About this exercise :: Of the records that follow, copy only the lines from the line containing "Lemma lie_anticomm x y : br y x = - br x y." to the line containing "rewrite [br (br", both included, exactly as written.

Collected data entries

■ ■ ■ ■ ■ ■ ■

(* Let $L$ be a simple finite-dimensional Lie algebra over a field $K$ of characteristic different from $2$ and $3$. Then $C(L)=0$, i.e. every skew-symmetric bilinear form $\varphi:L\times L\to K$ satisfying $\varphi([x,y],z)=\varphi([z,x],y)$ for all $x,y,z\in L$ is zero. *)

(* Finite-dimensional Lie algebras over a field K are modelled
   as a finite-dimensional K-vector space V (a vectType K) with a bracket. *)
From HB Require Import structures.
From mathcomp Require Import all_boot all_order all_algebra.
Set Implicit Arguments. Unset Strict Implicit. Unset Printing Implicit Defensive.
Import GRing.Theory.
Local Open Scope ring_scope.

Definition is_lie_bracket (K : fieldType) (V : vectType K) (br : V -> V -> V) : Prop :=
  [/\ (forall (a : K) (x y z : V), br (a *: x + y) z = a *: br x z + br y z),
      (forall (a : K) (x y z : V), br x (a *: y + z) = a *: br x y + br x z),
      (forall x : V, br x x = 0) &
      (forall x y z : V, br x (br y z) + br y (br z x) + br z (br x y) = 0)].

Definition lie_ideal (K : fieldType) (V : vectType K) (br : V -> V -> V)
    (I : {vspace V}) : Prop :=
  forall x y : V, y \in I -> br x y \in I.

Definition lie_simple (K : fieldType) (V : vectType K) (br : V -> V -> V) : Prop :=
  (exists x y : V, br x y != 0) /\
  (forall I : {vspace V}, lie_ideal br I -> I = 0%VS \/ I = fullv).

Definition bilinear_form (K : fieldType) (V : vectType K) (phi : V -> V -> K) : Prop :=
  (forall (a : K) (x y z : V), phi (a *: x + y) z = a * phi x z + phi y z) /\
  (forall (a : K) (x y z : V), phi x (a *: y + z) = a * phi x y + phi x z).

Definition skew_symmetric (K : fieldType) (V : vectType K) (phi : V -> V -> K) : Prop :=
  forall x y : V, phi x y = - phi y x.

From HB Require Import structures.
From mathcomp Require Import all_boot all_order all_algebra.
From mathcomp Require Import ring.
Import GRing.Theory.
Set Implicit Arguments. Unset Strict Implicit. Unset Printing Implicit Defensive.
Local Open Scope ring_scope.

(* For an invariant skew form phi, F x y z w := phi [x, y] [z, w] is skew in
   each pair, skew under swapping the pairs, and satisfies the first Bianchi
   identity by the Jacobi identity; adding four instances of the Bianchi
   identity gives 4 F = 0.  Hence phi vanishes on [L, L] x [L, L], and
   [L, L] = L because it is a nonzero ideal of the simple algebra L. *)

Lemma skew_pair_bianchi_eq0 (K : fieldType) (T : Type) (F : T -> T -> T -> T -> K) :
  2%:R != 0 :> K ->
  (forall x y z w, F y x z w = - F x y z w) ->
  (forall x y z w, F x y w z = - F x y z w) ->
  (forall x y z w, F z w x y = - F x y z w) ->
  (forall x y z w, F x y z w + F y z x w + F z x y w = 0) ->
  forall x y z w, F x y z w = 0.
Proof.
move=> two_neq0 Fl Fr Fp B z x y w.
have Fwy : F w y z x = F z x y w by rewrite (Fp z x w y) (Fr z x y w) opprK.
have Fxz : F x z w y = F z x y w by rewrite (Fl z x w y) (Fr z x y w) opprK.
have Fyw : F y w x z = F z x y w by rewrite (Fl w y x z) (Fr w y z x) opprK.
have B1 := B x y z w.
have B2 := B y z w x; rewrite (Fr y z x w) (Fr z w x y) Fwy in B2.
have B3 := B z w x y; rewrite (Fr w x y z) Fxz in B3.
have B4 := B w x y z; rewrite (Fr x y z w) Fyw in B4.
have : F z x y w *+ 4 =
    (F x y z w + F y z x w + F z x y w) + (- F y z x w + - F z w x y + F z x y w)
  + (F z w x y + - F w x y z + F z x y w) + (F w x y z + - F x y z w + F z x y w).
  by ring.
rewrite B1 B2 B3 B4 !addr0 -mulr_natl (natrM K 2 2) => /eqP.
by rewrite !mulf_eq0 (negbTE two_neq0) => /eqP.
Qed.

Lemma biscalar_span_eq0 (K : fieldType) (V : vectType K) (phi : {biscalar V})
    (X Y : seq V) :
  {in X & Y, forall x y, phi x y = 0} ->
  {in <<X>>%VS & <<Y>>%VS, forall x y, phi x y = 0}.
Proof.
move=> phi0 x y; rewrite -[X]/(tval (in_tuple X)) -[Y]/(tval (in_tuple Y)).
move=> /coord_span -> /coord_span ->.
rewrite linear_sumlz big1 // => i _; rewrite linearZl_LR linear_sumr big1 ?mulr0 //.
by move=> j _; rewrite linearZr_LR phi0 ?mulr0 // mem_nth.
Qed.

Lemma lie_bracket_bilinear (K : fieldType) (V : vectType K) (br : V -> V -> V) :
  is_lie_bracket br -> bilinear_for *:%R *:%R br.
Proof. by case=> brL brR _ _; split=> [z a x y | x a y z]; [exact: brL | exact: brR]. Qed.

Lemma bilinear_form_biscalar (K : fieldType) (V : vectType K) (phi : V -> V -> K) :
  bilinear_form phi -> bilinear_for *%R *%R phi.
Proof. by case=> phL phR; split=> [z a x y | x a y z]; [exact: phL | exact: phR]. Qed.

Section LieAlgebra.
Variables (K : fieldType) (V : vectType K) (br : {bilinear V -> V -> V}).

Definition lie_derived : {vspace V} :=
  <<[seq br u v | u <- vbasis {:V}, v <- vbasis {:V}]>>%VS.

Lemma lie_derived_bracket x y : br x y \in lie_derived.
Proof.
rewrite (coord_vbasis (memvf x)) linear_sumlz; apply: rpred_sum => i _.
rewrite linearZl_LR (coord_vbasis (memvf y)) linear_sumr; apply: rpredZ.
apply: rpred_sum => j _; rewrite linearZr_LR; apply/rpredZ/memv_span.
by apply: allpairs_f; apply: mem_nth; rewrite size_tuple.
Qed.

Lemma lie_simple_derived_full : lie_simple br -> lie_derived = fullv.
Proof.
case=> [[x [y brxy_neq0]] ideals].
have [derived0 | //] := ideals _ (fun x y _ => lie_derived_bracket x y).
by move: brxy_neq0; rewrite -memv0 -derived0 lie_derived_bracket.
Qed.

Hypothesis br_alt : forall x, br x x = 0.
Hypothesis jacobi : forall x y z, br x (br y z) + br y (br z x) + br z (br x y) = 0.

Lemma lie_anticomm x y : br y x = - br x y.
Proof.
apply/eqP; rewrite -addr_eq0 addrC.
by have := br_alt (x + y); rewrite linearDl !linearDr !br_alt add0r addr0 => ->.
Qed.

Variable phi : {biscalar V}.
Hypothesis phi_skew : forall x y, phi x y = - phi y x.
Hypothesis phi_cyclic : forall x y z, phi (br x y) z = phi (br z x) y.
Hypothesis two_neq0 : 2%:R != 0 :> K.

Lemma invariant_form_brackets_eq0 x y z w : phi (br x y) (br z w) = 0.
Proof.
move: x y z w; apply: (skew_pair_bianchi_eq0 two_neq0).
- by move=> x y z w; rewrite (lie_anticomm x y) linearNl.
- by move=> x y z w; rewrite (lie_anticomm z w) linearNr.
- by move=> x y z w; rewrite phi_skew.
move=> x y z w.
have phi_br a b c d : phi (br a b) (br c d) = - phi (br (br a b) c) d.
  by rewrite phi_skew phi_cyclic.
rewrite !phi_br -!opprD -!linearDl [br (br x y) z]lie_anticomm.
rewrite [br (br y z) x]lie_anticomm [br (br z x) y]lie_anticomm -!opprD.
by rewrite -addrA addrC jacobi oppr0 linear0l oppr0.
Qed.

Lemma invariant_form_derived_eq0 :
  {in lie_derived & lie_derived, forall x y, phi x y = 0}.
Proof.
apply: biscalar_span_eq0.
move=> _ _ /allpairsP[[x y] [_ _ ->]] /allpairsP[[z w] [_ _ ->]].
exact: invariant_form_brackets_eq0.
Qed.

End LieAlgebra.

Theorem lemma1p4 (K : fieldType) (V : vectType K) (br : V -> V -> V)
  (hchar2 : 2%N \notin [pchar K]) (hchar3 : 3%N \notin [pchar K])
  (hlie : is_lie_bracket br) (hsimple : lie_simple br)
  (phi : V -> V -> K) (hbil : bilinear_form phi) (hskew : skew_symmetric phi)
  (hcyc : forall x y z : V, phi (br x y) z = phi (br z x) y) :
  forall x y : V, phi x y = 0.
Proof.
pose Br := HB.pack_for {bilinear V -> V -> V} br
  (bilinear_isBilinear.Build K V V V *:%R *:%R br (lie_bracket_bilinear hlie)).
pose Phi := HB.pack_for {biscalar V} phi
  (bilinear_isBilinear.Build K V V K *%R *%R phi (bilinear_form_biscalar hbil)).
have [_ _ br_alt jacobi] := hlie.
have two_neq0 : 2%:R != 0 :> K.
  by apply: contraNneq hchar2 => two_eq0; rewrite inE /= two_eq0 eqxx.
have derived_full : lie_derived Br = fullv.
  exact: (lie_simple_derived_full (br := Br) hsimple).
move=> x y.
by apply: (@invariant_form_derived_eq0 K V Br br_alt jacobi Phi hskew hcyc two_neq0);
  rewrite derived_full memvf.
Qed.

■ ■ ■ ■ ■ ■ ■

Result ::
Lemma lie_anticomm x y : br y x = - br x y.
Proof.
apply/eqP; rewrite -addr_eq0 addrC.
by have := br_alt (x + y); rewrite linearDl !linearDr !br_alt add0r addr0 => ->.
Qed.

Variable phi : {biscalar V}.
Hypothesis phi_skew : forall x y, phi x y = - phi y x.
Hypothesis phi_cyclic : forall x y z, phi (br x y) z = phi (br z x) y.
Hypothesis two_neq0 : 2%:R != 0 :> K.

Lemma invariant_form_brackets_eq0 x y z w : phi (br x y) (br z w) = 0.
Proof.
move: x y z w; apply: (skew_pair_bianchi_eq0 two_neq0).
- by move=> x y z w; rewrite (lie_anticomm x y) linearNl.
- by move=> x y z w; rewrite (lie_anticomm z w) linearNr.
- by move=> x y z w; rewrite phi_skew.
move=> x y z w.
have phi_br a b c d : phi (br a b) (br c d) = - phi (br (br a b) c) d.
  by rewrite phi_skew phi_cyclic.
rewrite !phi_br -!opprD -!linearDl [br (br x y) z]lie_anticomm.
rewrite [br (br y z) x]lie_anticomm [br (br z x) y]lie_anticomm -!opprD.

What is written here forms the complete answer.